### AIM OF THE TASK
Lines with the word "tauto" in them must be copied from the records below.

Records from a dataset:
▬▬▬▬▬▬▬▬▬▬

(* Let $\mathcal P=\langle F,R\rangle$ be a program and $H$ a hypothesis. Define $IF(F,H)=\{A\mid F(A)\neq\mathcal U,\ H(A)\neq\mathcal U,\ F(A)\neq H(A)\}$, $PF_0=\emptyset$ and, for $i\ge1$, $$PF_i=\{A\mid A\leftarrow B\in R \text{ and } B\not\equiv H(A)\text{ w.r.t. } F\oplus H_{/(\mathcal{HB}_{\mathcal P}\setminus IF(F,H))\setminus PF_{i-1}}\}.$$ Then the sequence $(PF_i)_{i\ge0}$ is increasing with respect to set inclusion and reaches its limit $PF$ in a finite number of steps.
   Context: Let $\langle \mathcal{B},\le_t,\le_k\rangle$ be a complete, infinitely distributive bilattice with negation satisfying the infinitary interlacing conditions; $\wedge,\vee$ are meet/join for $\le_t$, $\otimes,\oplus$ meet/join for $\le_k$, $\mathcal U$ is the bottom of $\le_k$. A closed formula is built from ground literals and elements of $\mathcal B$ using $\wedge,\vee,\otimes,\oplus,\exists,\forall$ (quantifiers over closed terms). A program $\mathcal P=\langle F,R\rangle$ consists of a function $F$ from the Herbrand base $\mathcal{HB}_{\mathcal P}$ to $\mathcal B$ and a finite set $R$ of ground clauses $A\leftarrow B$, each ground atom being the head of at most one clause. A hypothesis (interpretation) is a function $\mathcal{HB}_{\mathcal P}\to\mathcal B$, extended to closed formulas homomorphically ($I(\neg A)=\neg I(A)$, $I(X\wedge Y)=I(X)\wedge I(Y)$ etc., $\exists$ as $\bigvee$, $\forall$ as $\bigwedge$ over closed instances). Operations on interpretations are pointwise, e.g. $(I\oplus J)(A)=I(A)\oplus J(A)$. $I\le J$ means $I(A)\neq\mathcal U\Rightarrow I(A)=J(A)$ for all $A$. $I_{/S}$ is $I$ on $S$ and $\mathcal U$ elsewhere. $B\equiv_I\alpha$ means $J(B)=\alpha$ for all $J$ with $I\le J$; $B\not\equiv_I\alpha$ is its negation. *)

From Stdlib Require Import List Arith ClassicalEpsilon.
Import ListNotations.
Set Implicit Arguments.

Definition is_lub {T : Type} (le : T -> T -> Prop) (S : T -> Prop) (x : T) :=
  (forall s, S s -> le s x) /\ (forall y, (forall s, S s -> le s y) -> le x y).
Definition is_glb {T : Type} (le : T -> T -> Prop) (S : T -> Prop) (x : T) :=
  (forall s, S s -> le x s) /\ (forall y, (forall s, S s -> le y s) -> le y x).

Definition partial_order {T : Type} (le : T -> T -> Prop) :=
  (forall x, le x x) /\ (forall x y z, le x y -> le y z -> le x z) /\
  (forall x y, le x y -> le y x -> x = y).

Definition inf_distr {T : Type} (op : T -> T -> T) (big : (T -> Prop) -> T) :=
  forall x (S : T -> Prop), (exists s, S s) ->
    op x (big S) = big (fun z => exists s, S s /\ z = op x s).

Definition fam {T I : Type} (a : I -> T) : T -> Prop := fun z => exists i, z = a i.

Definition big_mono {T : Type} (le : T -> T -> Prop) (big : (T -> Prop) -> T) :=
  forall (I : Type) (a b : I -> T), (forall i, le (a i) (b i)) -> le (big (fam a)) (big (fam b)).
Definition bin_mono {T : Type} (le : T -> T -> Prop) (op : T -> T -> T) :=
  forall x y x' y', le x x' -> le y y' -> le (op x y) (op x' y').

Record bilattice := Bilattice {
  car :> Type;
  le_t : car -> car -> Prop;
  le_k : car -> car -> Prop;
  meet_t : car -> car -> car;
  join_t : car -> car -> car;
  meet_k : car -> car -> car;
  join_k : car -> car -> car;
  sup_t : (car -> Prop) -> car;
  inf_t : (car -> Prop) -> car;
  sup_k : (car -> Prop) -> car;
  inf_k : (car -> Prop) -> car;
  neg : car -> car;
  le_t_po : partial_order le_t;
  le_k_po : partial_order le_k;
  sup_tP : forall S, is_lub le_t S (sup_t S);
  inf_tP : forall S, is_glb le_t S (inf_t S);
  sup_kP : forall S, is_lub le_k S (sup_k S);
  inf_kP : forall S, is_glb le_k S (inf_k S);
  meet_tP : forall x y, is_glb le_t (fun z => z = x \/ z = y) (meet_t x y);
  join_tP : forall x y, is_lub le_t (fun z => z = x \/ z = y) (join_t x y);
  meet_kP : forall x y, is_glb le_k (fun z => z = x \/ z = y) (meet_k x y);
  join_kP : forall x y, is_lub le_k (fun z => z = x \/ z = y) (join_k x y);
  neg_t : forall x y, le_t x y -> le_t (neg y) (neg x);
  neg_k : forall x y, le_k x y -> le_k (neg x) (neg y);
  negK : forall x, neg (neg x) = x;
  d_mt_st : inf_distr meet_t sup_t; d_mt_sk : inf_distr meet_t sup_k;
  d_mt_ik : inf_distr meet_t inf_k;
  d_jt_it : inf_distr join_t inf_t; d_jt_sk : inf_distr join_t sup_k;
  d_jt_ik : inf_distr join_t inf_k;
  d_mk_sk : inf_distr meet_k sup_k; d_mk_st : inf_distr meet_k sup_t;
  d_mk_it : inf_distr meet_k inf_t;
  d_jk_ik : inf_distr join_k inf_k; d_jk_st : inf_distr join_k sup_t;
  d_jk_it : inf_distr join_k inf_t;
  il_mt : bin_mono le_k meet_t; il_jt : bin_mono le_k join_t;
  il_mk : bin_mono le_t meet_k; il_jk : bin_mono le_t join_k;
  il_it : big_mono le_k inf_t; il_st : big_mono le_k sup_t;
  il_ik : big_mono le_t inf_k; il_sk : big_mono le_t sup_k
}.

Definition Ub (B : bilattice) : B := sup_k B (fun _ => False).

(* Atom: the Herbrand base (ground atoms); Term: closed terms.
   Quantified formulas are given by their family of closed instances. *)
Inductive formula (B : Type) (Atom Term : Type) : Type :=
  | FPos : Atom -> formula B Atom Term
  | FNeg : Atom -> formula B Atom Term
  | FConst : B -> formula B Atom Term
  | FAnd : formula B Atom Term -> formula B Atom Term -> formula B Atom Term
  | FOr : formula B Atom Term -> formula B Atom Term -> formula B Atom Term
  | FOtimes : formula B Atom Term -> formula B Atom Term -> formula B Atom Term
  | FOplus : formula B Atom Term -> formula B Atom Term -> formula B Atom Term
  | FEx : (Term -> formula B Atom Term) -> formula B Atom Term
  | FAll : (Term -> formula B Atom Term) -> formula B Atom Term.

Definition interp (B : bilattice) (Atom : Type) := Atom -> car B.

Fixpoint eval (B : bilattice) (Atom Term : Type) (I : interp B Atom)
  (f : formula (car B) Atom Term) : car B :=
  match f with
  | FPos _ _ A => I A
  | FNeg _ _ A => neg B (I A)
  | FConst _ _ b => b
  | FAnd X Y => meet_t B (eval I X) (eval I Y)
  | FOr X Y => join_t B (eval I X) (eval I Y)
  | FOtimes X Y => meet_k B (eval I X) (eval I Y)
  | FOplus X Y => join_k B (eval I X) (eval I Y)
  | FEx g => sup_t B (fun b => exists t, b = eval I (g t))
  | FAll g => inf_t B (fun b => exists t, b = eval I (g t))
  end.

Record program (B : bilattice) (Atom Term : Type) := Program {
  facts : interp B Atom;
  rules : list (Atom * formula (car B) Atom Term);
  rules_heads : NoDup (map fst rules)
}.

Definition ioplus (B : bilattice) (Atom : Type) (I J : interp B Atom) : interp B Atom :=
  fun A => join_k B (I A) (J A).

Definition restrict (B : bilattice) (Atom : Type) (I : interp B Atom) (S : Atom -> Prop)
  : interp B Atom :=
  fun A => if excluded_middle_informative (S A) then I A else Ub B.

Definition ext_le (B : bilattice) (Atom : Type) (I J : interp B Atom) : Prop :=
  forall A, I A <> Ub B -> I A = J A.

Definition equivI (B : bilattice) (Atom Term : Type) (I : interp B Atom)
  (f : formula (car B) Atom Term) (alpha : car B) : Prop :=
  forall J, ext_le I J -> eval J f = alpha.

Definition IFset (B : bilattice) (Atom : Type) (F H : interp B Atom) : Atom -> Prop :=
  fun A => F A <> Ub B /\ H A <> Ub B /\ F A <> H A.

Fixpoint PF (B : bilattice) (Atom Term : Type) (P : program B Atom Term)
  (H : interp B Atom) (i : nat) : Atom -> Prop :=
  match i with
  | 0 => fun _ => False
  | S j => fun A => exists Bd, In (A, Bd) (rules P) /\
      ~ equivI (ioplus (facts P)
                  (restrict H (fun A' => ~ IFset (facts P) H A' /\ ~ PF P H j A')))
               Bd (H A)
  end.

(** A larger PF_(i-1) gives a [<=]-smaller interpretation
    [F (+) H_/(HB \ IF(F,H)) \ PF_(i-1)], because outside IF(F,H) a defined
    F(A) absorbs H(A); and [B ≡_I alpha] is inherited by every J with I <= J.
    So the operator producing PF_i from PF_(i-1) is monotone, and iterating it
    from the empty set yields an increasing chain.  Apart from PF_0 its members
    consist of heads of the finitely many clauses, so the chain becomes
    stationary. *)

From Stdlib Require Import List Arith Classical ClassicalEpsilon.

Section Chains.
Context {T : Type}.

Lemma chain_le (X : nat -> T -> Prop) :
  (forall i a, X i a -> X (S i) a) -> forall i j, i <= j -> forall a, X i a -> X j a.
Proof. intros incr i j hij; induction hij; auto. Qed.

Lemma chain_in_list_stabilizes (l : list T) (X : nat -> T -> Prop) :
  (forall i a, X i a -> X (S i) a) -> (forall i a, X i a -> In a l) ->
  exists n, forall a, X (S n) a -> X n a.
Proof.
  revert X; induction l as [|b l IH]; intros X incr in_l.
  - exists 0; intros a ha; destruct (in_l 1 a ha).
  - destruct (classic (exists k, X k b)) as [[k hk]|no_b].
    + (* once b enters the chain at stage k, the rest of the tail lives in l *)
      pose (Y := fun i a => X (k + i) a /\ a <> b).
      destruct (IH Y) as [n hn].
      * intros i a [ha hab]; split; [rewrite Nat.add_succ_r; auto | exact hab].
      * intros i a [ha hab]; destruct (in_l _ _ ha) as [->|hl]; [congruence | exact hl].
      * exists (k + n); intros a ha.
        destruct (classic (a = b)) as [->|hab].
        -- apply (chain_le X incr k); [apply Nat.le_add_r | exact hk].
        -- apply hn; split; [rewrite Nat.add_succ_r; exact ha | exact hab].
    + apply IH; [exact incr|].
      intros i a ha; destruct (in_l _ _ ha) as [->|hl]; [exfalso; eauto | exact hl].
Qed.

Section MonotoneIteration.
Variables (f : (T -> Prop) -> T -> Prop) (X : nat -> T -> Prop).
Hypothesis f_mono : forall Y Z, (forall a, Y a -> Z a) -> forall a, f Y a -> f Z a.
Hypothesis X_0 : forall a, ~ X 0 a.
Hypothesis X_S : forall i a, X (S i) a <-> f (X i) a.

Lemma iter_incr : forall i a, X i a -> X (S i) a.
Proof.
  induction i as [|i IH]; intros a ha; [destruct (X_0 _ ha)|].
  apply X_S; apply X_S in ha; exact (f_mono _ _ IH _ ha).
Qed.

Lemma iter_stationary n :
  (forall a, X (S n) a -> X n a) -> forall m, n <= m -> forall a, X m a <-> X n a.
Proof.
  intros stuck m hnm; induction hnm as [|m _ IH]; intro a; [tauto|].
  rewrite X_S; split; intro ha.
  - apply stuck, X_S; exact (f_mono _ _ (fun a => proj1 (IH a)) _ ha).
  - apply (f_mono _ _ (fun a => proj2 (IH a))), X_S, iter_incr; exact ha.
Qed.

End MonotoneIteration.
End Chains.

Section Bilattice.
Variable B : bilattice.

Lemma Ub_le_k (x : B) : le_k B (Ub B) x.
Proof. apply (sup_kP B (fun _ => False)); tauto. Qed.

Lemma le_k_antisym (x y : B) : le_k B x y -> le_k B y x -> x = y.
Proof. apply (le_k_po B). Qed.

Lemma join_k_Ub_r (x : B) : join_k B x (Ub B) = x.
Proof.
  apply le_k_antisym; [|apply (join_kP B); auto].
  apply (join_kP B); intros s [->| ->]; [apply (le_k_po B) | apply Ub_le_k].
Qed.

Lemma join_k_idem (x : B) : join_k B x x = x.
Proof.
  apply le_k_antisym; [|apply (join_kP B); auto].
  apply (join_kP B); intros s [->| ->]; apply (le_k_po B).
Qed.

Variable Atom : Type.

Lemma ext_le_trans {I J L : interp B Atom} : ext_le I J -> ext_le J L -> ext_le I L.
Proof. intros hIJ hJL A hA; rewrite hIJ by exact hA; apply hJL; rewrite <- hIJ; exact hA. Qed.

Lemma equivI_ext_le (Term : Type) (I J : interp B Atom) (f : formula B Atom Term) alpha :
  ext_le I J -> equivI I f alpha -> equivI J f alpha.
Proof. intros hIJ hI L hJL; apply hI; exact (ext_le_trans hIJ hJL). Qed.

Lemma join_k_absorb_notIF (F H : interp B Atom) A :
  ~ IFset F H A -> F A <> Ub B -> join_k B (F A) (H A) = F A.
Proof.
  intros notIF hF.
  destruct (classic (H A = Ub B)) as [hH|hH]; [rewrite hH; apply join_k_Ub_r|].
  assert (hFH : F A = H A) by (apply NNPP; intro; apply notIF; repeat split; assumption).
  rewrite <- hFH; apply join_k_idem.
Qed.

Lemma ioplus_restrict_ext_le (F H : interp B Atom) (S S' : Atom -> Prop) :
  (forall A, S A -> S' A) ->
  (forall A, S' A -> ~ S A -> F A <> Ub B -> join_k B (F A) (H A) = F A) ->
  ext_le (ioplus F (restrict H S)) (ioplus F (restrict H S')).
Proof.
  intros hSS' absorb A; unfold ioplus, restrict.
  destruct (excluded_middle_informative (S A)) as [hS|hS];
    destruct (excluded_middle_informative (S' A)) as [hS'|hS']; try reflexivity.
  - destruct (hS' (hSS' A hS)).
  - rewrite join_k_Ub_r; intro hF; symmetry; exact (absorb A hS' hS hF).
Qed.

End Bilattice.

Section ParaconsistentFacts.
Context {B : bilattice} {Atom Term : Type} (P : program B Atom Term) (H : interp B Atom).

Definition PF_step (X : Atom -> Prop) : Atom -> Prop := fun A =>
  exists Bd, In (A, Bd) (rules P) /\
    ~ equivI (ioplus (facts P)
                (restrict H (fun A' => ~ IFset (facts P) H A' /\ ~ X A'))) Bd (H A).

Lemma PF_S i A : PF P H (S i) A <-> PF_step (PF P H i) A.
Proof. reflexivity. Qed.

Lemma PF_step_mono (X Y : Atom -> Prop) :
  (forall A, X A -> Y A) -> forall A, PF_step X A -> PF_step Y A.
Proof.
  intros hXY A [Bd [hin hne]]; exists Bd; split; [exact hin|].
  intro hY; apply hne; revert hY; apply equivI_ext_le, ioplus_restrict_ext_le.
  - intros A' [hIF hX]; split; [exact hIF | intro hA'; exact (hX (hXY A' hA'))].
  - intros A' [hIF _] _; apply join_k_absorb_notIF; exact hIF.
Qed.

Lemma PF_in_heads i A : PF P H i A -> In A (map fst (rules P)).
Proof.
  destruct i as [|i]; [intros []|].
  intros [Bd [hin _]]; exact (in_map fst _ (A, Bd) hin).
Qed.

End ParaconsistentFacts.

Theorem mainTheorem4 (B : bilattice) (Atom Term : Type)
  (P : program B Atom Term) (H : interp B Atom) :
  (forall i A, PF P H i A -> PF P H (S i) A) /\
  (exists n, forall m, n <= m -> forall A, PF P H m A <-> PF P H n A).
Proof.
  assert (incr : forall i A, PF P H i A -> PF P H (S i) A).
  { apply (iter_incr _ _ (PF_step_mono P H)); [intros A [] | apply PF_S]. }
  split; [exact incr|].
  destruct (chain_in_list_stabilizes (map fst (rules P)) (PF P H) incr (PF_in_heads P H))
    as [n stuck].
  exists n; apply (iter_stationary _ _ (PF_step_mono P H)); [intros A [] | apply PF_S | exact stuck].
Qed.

▬▬▬▬▬▬▬▬▬▬

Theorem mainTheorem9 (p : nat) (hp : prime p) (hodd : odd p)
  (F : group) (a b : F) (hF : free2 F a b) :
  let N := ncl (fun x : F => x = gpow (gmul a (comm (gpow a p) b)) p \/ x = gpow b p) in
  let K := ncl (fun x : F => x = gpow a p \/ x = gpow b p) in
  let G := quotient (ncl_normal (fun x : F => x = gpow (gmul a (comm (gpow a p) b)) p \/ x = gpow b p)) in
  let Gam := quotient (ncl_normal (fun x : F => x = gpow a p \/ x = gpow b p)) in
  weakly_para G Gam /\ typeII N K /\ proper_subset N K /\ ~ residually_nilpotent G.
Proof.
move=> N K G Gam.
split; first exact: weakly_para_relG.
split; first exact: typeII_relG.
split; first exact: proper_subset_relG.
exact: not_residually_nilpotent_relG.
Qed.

▬▬▬▬▬▬▬▬▬▬

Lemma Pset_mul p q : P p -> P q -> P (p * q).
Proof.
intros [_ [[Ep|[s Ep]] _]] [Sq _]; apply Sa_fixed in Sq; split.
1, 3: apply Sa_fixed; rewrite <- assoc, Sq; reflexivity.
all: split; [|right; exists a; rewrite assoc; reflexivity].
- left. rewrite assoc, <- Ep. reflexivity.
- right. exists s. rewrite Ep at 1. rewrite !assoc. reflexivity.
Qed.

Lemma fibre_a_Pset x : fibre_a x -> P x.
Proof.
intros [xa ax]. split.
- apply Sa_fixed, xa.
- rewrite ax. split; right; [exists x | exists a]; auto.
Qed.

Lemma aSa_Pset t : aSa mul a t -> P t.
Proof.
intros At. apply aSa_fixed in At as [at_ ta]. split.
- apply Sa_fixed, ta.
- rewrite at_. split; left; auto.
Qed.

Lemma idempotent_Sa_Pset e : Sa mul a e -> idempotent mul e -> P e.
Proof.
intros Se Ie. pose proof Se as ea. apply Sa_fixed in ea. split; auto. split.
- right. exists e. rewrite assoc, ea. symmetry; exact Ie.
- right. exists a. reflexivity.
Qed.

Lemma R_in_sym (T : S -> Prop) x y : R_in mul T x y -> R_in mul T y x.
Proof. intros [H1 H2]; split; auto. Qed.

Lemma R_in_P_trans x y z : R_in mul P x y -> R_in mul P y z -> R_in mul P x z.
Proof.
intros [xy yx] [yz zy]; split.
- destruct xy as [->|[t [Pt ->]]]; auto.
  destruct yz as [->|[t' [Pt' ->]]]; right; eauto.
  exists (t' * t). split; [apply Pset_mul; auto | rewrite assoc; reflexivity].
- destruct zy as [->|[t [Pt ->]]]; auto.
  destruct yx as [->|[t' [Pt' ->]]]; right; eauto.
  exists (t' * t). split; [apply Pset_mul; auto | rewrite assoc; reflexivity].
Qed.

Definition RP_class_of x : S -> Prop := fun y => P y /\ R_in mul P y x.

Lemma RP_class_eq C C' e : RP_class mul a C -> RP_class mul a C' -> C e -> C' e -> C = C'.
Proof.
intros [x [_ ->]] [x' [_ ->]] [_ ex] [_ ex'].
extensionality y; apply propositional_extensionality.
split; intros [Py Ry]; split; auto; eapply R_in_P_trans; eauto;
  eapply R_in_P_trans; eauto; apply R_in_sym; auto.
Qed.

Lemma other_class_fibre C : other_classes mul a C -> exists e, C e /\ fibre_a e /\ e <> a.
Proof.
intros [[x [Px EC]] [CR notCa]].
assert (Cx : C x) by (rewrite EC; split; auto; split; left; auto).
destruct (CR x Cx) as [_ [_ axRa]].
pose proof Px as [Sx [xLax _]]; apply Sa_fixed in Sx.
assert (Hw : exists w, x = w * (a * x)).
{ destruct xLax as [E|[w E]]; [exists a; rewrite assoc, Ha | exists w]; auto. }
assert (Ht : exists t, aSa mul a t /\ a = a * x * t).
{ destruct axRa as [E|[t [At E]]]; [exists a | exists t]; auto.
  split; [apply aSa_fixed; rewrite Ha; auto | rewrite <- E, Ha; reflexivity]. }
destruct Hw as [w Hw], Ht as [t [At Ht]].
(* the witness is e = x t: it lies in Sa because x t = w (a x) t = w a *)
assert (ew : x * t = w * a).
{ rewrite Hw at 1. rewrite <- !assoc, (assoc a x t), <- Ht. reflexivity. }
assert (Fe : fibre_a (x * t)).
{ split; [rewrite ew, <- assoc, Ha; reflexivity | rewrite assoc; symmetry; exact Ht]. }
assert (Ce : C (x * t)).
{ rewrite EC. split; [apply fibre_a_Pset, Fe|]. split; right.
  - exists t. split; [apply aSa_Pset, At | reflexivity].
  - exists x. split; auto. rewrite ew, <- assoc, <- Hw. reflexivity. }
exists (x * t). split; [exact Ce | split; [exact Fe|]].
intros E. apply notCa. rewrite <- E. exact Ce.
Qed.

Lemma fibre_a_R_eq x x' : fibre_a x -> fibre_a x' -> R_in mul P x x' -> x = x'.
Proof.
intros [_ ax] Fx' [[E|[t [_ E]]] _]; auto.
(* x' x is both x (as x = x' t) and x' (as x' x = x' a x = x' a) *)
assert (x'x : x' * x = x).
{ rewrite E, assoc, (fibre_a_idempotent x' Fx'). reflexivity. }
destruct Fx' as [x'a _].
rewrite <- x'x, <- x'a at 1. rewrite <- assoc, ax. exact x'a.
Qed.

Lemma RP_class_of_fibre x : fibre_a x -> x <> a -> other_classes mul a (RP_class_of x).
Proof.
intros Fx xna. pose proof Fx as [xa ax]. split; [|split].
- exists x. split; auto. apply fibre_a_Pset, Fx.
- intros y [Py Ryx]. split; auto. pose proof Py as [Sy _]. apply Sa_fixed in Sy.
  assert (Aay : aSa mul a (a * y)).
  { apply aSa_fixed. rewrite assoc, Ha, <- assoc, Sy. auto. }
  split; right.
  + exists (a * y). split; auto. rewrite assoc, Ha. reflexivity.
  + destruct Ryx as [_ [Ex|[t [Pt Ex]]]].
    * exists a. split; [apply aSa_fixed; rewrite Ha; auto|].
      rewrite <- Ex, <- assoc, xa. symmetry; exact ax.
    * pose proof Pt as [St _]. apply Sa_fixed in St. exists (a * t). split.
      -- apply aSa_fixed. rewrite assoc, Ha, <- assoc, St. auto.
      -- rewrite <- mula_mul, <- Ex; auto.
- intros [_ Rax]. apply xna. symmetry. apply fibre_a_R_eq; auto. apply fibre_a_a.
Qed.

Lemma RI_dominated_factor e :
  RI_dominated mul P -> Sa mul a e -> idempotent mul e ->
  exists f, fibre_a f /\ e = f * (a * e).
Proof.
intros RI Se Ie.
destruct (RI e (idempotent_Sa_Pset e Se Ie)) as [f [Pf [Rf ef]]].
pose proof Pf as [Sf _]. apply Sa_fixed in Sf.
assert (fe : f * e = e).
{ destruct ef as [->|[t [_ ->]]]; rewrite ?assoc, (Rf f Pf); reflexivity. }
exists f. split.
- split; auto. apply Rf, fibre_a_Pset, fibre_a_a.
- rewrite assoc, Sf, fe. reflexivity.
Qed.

▬▬▬▬▬▬▬▬▬▬

### TASK SOLUTION
  intros stuck m hnm; induction hnm as [|m _ IH]; intro a; [tauto|].
Proof. apply (sup_kP B (fun _ => False)); tauto. Qed.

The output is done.